When you get there, you are assigned a guide and tracker who look out after you for your stay. As a result, you also are driving around and eating dinner with the same people for a few days. I met some interesting people -- some good, and some just bad.

The first two days I was in a group that included all Europeans: a very friendly couple from Serbia and France; a stoic German couple that never talked; and, a gregarious Italian man and his wife, named Roberto and Roberta. Roberto liked to try to make jokes in the very little English he knew, and you found yourself laughing heartily along with him, even though his jokes tended to be something like "Buffalo? I like buffalo mozzarella."

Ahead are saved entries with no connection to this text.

(* Let $p$ be an odd prime and $q\in\mathbb C_p$ with $|1-q|_p<p^{-1/(p-1)}$. For $k,n\in\mathbb Z_+$ with $k\le n$, $$\int_{\mathbb Z_p}B_{k,n}(x,q)\,d\mu_{-1}(x)=\sum_{j=k}^n\sum_{m=0}^\infty\binom jk\binom nj\binom{j-k+m-1}{m}(-1)^{j-k+m}q^{j-k}(q-1)^mE_{m+j,q}.$$
   Context: For $x\in\mathbb Z_p$, $[x]_q=\frac{1-q^x}{1-q}$. The modified $q$-Bernstein polynomials are $B_{k,n}(x,q)=\binom nk[x]_q^k[1-x]_q^{n-k}$ for $0\le k\le n$. The fermionic $p$-adic integral is $\int_{\mathbb Z_p}f(x)\,d\mu_{-1}(x)=\lim_{N\to\infty}\sum_{x=0}^{p^N-1}f(x)(-1)^x$, and $E_{n,q}=\int_{\mathbb Z_p}[x]_q^n\,d\mu_{-1}(x)$ are the $q$-Euler numbers. Binomial coefficients $\binom{a}{m}$ are the generalized ones (so $\binom{-1}{0}=1$, $\binom{m-1}{m}=0$ for $m\ge1$). *)

From mathcomp Require Import all_boot all_order all_algebra.
From mathcomp Require Import all_classical all_reals.
From mathcomp Require Import exp.
Set Implicit Arguments. Unset Strict Implicit. Unset Printing Implicit Defensive.
Import Order.TTheory GRing.Theory Num.Theory.
Local Open Scope ring_scope.

(* A complete non-archimedean valued field (K, av) whose absolute value
   restricts on Q to the p-adic absolute value |.|_p (normalised |p|_p = 1/p).
   C_p is such a field; C_p itself is not available in the libraries. *)
Definition padic_valued_field (R : realType) (p : nat) (K : fieldType)
    (av : K -> R) : Prop :=
  (forall x : K, (av x = 0) <-> (x = 0)) /\
      (forall x y : K, av (x * y) = av x * av y) /\
      (forall x y : K, av (x + y) <= Num.max (av x) (av y)) /\
      av (p%:R) = (p%:R)^-1 /\
      (forall n : nat, coprime n p -> av (n%:R) = 1) /\
      forall u : nat -> K,
        (forall e : R, 0 < e -> exists N, forall m n, (N <= m)%N -> (N <= n)%N ->
            av (u m - u n) < e) ->
        exists l : K, forall e : R, 0 < e -> exists N, forall n, (N <= n)%N ->
            av (u n - l) < e.

Definition cvg_av (R : realType) (K : fieldType) (av : K -> R)
    (u : nat -> K) (l : K) : Prop :=
  forall e : R, 0 < e -> exists N, forall n, (N <= n)%N -> av (u n - l) < e.

Definition qnum (K : fieldType) (q : K) (z : int) : K :=
  if q == 1 then z%:~R else (1 - q ^ z) / (1 - q).

Definition qBernstein (K : fieldType) (k n : nat) (x : nat) (q : K) : K :=
  ('C(n, k))%:R * qnum q x%:Z ^+ k * qnum q (1 - x%:Z) ^+ (n - k).

Definition ferm_sum (K : fieldType) (p : nat) (f : nat -> K) (N : nat) : K :=
  \sum_(0 <= x < p ^ N) f x * (-1) ^+ x.

(* the fermionic p-adic integral, as the limit of ferm_sum (0 if no limit) *)
Definition ferm_int (R : realType) (K : fieldType) (av : K -> R) (p : nat)
    (f : nat -> K) : K :=
  match boolp.pselect (exists l, cvg_av av (ferm_sum p f) l) with
  | left H => proj1_sig (boolp.cid H)
  | right _ => 0
  end.

Definition qEuler (R : realType) (K : fieldType) (av : K -> R) (p : nat)
    (q : K) (n : nat) : K :=
  ferm_int av p (fun x => qnum q x%:Z ^+ n).

Definition gbinom (a : int) (m : nat) : int :=
  match a with
  | Posz n => ('C(n, m))%:Z
  | Negz n => (-1) ^+ m * ('C(n + m, m))%:Z   (* a = -(n+1) *)
  end.

Definition psum (K : fieldType) (u : nat -> K) (M : nat) : K :=
  \sum_(0 <= m < M) u m.

From mathcomp Require Import all_boot all_order all_algebra.
From mathcomp Require Import all_classical all_reals.
From mathcomp Require Import exp sequences normedtype.
From mathcomp Require Import ring lra zify.
Set Implicit Arguments. Unset Strict Implicit. Unset Printing Implicit Defensive.
Import Order.TTheory GRing.Theory Num.Theory.
Local Open Scope ring_scope.

(* For natural x write [x]_q = 1 + q + ... + q^(x-1).  Since
   [1 - x]_q = 1 - q q^(-x) [x]_q, the binomial theorem turns B_{k,n}(x,q) into a
   finite sum over j of multiples of [x]_q^j q^(-x(j-k)), and
   q^(-x) = (1 - (1 - q)[x]_q)^(-1) expands as a negative binomial series in
   (1 - q)[x]_q whose partial sums converge uniformly in x, with error at most
   |1 - q|^M.  Integrating term by term gives the q-Euler numbers.
   All fermionic integrals exist because every integrand is bounded by 1 and
   uniformly continuous for the p-adic metric on nat: for odd p, consecutive
   Riemann sums then differ by an ultrametric sum of small terms, and
   |[p^N]_q| <= max(1/p, |1 - q|)^N. *)

Lemma exprn_lt_eventually (R : realType) (c e : R) : 0 <= c -> c < 1 -> 0 < e ->
  exists N, forall n, (N <= n)%N -> c ^+ n < e.
Proof.
move=> c0 c1 e0; have c1' : `|c| < 1 by rewrite ger0_norm.
have [N _ hN] := @cvgr_dist_lt _ R^o _ _ _ _ _ (cvg_expr c1') _ e0.
by exists N => n /hN; rewrite sub0r normrN ger0_norm ?exprn_ge0.
Qed.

Then, they all left, and a group of Americans joined us. They included a husband and wife from Ohio, and their college aged son. They were all in South Africa because the husband was attending a competition wherein he would shoot targets with an 18th Century musket or some such firearm...if that tells you something. The wife seemed extremely bitter that she was in Africa, which could be because she doesn't like 18th Century musket shooting competitions...or it could be that she is just plain racist, as evidenced by the comment I overheard (but won't repeat) the first night they arrived. Their son was a disaffected youth, who didn't seem to realize how awesome it was that his parents TOOK HIM TO AFRICA. I talked to these folks some, but they pretty much whined and hated everything. Except for the photo opps. They had huge crazy professional cameras with foot-long lenses, and took thousands of photos. I thought they were going to explode with delight when we stumbled upon a group of buffalo locking horns...with beautiful backlighting...and the right amount of dust to really set off the lighting. But, even as annoying as they were, it still couldn't bring me down. Mostly I was kind of amused.

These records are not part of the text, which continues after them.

(* The following equalities hold: \[ \hat R^+=R^+,\qquad \hat S^+=S^+,\qquad \hat R^-=R^-,\qquad \hat S^-=S^- . \]
   Context: $G$ is an unbounded multiply connected region of connectivity $m$ with $\infty\in G$ and $0\in G$. Its boundary is $\Gamma=\Gamma_1\cup\dots\cup\Gamma_m$, consisting of simple, non-intersecting, smooth, clockwise oriented closed curves. $G^-:=(\mathbb C\cup\{\infty\})\setminus(G\cup\Gamma)$ is the union of the bounded simply connected regions $G_k$ enclosed by $\Gamma_k$. Each $\Gamma_k$ is parametrized by a $2\pi$-periodic, twice continuously differentiable function $\eta_k$ with $\dot\eta_k\ne0$. $J$ is the disjoint union of $J_k=[0,2\pi]$, and $\eta=\eta_k$ on $J_k$. $H$ is the space of real functions on $J$ that are Hölder continuous and $2\pi$-periodic on each $J_k$. Functions on boundaries are identified with functions on $J$ via the parametrization. $A$ is a nonvanishing complex function on $\Gamma$ with continuously differentiable parametric form on $J$. Fix $z_0\in G_m$ and let $\Psi(z)=1/(z-z_0)$, $\hat G=\Psi(G)$ (bounded), $\hat G^-=\Psi(G^-)$ (unbounded), $\hat\Gamma=\Psi(\Gamma)$ with parametrization $\zeta(s)=1/(\eta(s)-z_0)$, and $\hat A(s)=\zeta(s)A(s)$. Analytic functions are continuous up to the boundary; boundary values are taken from the indicated region. The spaces are defined as follows: \[ \begin{aligned} R^+&=\{\gamma\in H:\gamma=\operatorname{Re}[Af^+],\ f \text{ analytic in } G,\ f(\infty)=0\},\\ S^+&=\{\gamma\in H:\gamma=Af^+,\ f \text{ analytic in } G,\ f(\infty)=0\},\\ R^-&=\{\gamma\in H:\gamma=\operatorname{Re}[Ag^-],\ g \text{ analytic in } G^-\},\\ S^-&=\{\gamma\in H:\gamma=Ag^-,\ g \text{ analytic in } G^-\},\\ \hat R^+&=\{\gamma\in H:\gamma=\operatorname{Re}[\hat A\hat f^+],\ \hat f \text{ analytic in } \hat G\},\\ \hat S^+&=\{\gamma\in H:\gamma=\hat A\hat f^+,\ \hat f \text{ analytic in } \hat G\},\\ \hat R^-&=\{\gamma\in H:\gamma=\operatorname{Re}[\hat A\hat g^-],\ \hat g \text{ analytic in } \hat G^-,\ \hat g(\infty)=0\},\\ \hat S^-&=\{\gamma\in H:\gamma=\hat A\hat g^-,\ \hat g \text{ analytic in } \hat G^-,\ \hat g(\infty)=0\}. \end{aligned} \] In the definitions of the $S$-spaces, the function $Af^+$ (resp. $Ag^-$, $\hat A\hat f^+$, $\hat A\hat g^-$) is required to be real. *)

From Stdlib Require Import Reals.
From Coquelicot Require Import Coquelicot.
Open Scope R_scope.

Definition C_holo_at (f : C -> C) (z : C) : Prop :=
  exists l : C, @is_derive C_AbsRing C_NormedModule f z l.

Definition C_holo_on (D : C -> Prop) (f : C -> C) : Prop :=
  forall z, D z -> C_holo_at f z.

(* analyticity at infinity with value [v] at infinity:
   w |-> f(1/w) (with value v at w = 0) is complex differentiable at 0 *)
Definition C_holo_at_infty (f : C -> C) (v : C) : Prop :=
  C_holo_at (fun w => if Ceq_dec w 0 then v else f (Cinv w)) 0.

Definition C_open (D : C -> Prop) : Prop := @open C_UniformSpace D.

Definition C_connected (S : C -> Prop) : Prop :=
  forall U V : C -> Prop, C_open U -> C_open V ->
    (forall z, S z -> U z \/ V z) ->
    (exists z, S z /\ U z) -> (exists z, S z /\ V z) ->
    exists z, S z /\ U z /\ V z.

Definition C_closure (D : C -> Prop) (z : C) : Prop :=
  forall eps, 0 < eps -> exists w, D w /\ Cmod (Cminus w z) < eps.

Definition C_bounded (D : C -> Prop) : Prop :=
  exists r, forall z, D z -> Cmod z <= r.

(* the connected component of z in the set D is bounded *)
Definition bounded_component (D : C -> Prop) (z : C) : Prop :=
  D z /\ exists r, forall S, C_connected S -> (forall w, S w -> D w) -> S z ->
     forall w, S w -> Cmod w <= r.

(* f, restricted to D, extends continuously to the point p, the boundary value
   at p being f p ("continuous up to the boundary, values taken from D") *)
Definition cont_from (D : C -> Prop) (f : C -> C) (p : C) : Prop :=
  filterlim f (within D (@locally C_UniformSpace p)) (@locally C_UniformSpace (f p)).

Definition periodic2pi {T} (u : R -> T) : Prop := forall t, u (t + 2 * PI) = u t.

Definition C1_real (u : R -> R) : Prop :=
  (forall t, ex_derive u t) /\ (forall t, continuous (Derive u) t).
Definition C2_real (u : R -> R) : Prop :=
  (forall t, ex_derive u t) /\ (forall t, ex_derive (Derive u) t) /\
  (forall t, continuous (Derive_n u 2) t).

Definition C1_curve (u : R -> C) : Prop :=
  C1_real (fun t => Re (u t)) /\ C1_real (fun t => Im (u t)).
Definition C2_curve (u : R -> C) : Prop :=
  C2_real (fun t => Re (u t)) /\ C2_real (fun t => Im (u t)).
Definition dcurve (u : R -> C) (t : R) : C :=
  (Derive (fun s => Re (u s)) t, Derive (fun s => Im (u s)) t).

Definition winding (u : R -> C) (z : C) : R :=
  / (2 * PI) * RInt (fun t => Im (Cdiv (dcurve u t) (Cminus (u t) z))) 0 (2 * PI).

Definition holder_02pi (u : R -> R) : Prop :=
  exists alpha K, 0 < alpha <= 1 /\ 0 <= K /\
    forall s t, 0 <= s <= 2 * PI -> 0 <= t <= 2 * PI -> s <> t ->
      Rabs (u s - u t) <= K * Rpower (Rabs (s - t)) alpha.

(** Functions on J = disjoint union of J_k, k < m, are
    represented as [nat -> R -> _] (only k < m matters); they are 2 pi-periodic
    functions on R, identified with their restriction to J_k = [0, 2 pi]. *)

Definition Gamma_k (eta : nat -> R -> C) (k : nat) (z : C) : Prop :=
  exists t, eta k t = z.
Definition Gamma (m : nat) (eta : nat -> R -> C) (z : C) : Prop :=
  exists k, (k < m)%nat /\ Gamma_k eta k z.
Definition inside (eta : nat -> R -> C) (k : nat) (z : C) : Prop :=
  bounded_component (fun w => ~ Gamma_k eta k w) z.

Definition Gminus (m : nat) (eta : nat -> R -> C) (G : C -> Prop) (z : C) : Prop :=
  ~ G z /\ ~ Gamma m eta z.

Definition setting (m : nat) (eta : nat -> R -> C) (G : C -> Prop) : Prop :=
  (1 <= m)%nat /\
  (forall k, (k < m)%nat -> periodic2pi (eta k) /\ C2_curve (eta k) /\
      forall t, dcurve (eta k) t <> 0%C) /\
  (forall k s t, (k < m)%nat -> 0 <= s < 2 * PI -> 0 <= t < 2 * PI ->
      eta k s = eta k t -> s = t) /\
  (forall k l s t, (k < m)%nat -> (l < m)%nat -> k <> l -> eta k s <> eta l t) /\
  C_open G /\ C_connected G /\ G 0%C /\
  (exists r, forall z, r < Cmod z -> G z) /\
  (forall z, (C_closure G z /\ ~ G z) <-> Gamma m eta z) /\
  (forall z, Gminus m eta G z <-> exists k, (k < m)%nat /\ inside eta k z) /\
  (forall k z, (k < m)%nat -> inside eta k z -> winding (eta k) z = -1).

Definition in_H (m : nat) (gam : nat -> R -> R) : Prop :=
  forall k, (k < m)%nat -> periodic2pi (gam k) /\ holder_02pi (gam k).

Definition analytic_G_plus (m : nat) (eta : nat -> R -> C) (G : C -> Prop)
  (f : C -> C) : Prop :=
  C_holo_on G f /\ C_holo_at_infty f 0%C /\
  forall p, Gamma m eta p -> cont_from G f p.

Definition analytic_G_minus (m : nat) (eta : nat -> R -> C) (G : C -> Prop)
  (g : C -> C) : Prop :=
  C_holo_on (Gminus m eta G) g /\
  forall p, Gamma m eta p -> cont_from (Gminus m eta G) g p.

Definition Rplus_sp m eta G (A : nat -> R -> C) (gam : nat -> R -> R) : Prop :=
  in_H m gam /\ exists f, analytic_G_plus m eta G f /\
    forall k s, (k < m)%nat -> gam k s = Re (Cmult (A k s) (f (eta k s))).
Definition Splus_sp m eta G (A : nat -> R -> C) (gam : nat -> R -> R) : Prop :=
  in_H m gam /\ exists f, analytic_G_plus m eta G f /\
    forall k s, (k < m)%nat -> RtoC (gam k s) = Cmult (A k s) (f (eta k s)).
Definition Rminus_sp m eta G (A : nat -> R -> C) (gam : nat -> R -> R) : Prop :=
  in_H m gam /\ exists g, analytic_G_minus m eta G g /\
    forall k s, (k < m)%nat -> gam k s = Re (Cmult (A k s) (g (eta k s))).
Definition Sminus_sp m eta G (A : nat -> R -> C) (gam : nat -> R -> R) : Prop :=
  in_H m gam /\ exists g, analytic_G_minus m eta G g /\
    forall k s, (k < m)%nat -> RtoC (gam k s) = Cmult (A k s) (g (eta k s)).

Definition Psi (z0 z : C) : C := Cinv (Cminus z z0).

(* hat G = Psi(G), with Psi(infinity) = 0 *)
Definition Ghat (z0 : C) (G : C -> Prop) (w : C) : Prop :=
  w = 0%C \/ exists z, G z /\ w = Psi z0 z.
(* hat G^- = Psi(G^-) minus the point Psi(z0) = infinity *)
Definition Gminushat m eta (z0 : C) (G : C -> Prop) (w : C) : Prop :=
  exists z, Gminus m eta G z /\ z <> z0 /\ w = Psi z0 z.
Definition Gammahat m eta (z0 : C) (w : C) : Prop :=
  exists z, Gamma m eta z /\ w = Psi z0 z.
Definition zeta (z0 : C) (eta : nat -> R -> C) (k : nat) (s : R) : C :=
  Psi z0 (eta k s).
Definition Ahat (z0 : C) (eta : nat -> R -> C) (A : nat -> R -> C) k s : C :=
  Cmult (zeta z0 eta k s) (A k s).

Definition analytic_Ghat_plus m eta z0 G (f : C -> C) : Prop :=
  C_holo_on (Ghat z0 G) f /\
  forall p, Gammahat m eta z0 p -> cont_from (Ghat z0 G) f p.
Definition analytic_Ghat_minus m eta z0 G (g : C -> C) : Prop :=
  C_holo_on (Gminushat m eta z0 G) g /\ C_holo_at_infty g 0%C /\
  forall p, Gammahat m eta z0 p -> cont_from (Gminushat m eta z0 G) g p.

Definition Rplushat_sp m eta G z0 (A : nat -> R -> C) (gam : nat -> R -> R) : Prop :=
  in_H m gam /\ exists f, analytic_Ghat_plus m eta z0 G f /\
    forall k s, (k < m)%nat ->
      gam k s = Re (Cmult (Ahat z0 eta A k s) (f (zeta z0 eta k s))).
Definition Splushat_sp m eta G z0 (A : nat -> R -> C) (gam : nat -> R -> R) : Prop :=
  in_H m gam /\ exists f, analytic_Ghat_plus m eta z0 G f /\
    forall k s, (k < m)%nat ->
      RtoC (gam k s) = Cmult (Ahat z0 eta A k s) (f (zeta z0 eta k s)).
Definition Rminushat_sp m eta G z0 (A : nat -> R -> C) (gam : nat -> R -> R) : Prop :=
  in_H m gam /\ exists g, analytic_Ghat_minus m eta z0 G g /\
    forall k s, (k < m)%nat ->
      gam k s = Re (Cmult (Ahat z0 eta A k s) (g (zeta z0 eta k s))).
Definition Sminushat_sp m eta G z0 (A : nat -> R -> C) (gam : nat -> R -> R) : Prop :=
  in_H m gam /\ exists g, analytic_Ghat_minus m eta z0 G g /\
    forall k s, (k < m)%nat ->
      RtoC (gam k s) = Cmult (Ahat z0 eta A k s) (g (zeta z0 eta k s)).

By the last day, it was just me and an English couple from outside London. We, along with our guide, were about the same age, and all got on very well. Oh -- our guide was really cool, too. He was a little reserved by American standards, but very nice and extremely smart. His love of the bush and the animals was contagious, and by the end of the trip, I found myself completely taken with the area...and had managed to develop a mini-crush on our guide, too. (After he took a few of us on a walk through the area around the camp-- carrying a gun to protect us from elephants and such -- it was completely impossible not to be crushing a little bit.)

So, I ended on an extremely high note. The last day was just sublime -- very chill company, the most beautiful weather, morning tea across from a small river filled with hippos. Just perfection. I felt completely calm and relaxed, like I could have stayed there forever.

I was surprised at how very sad I was when I left on Thursday. As awesome as the whole trip had been -- the last day in particular -- I realized that I would never have that experience again. To be sure, you can go back to an area, or even stay in touch with people you meet on a trip. But, I was acutely aware that it would be impossible to recreate how wonderful that particular moment had been, and sad that the moment had passed.

So that was my safari experience. I loved it so dearly, that it made me startlingly sad to leave.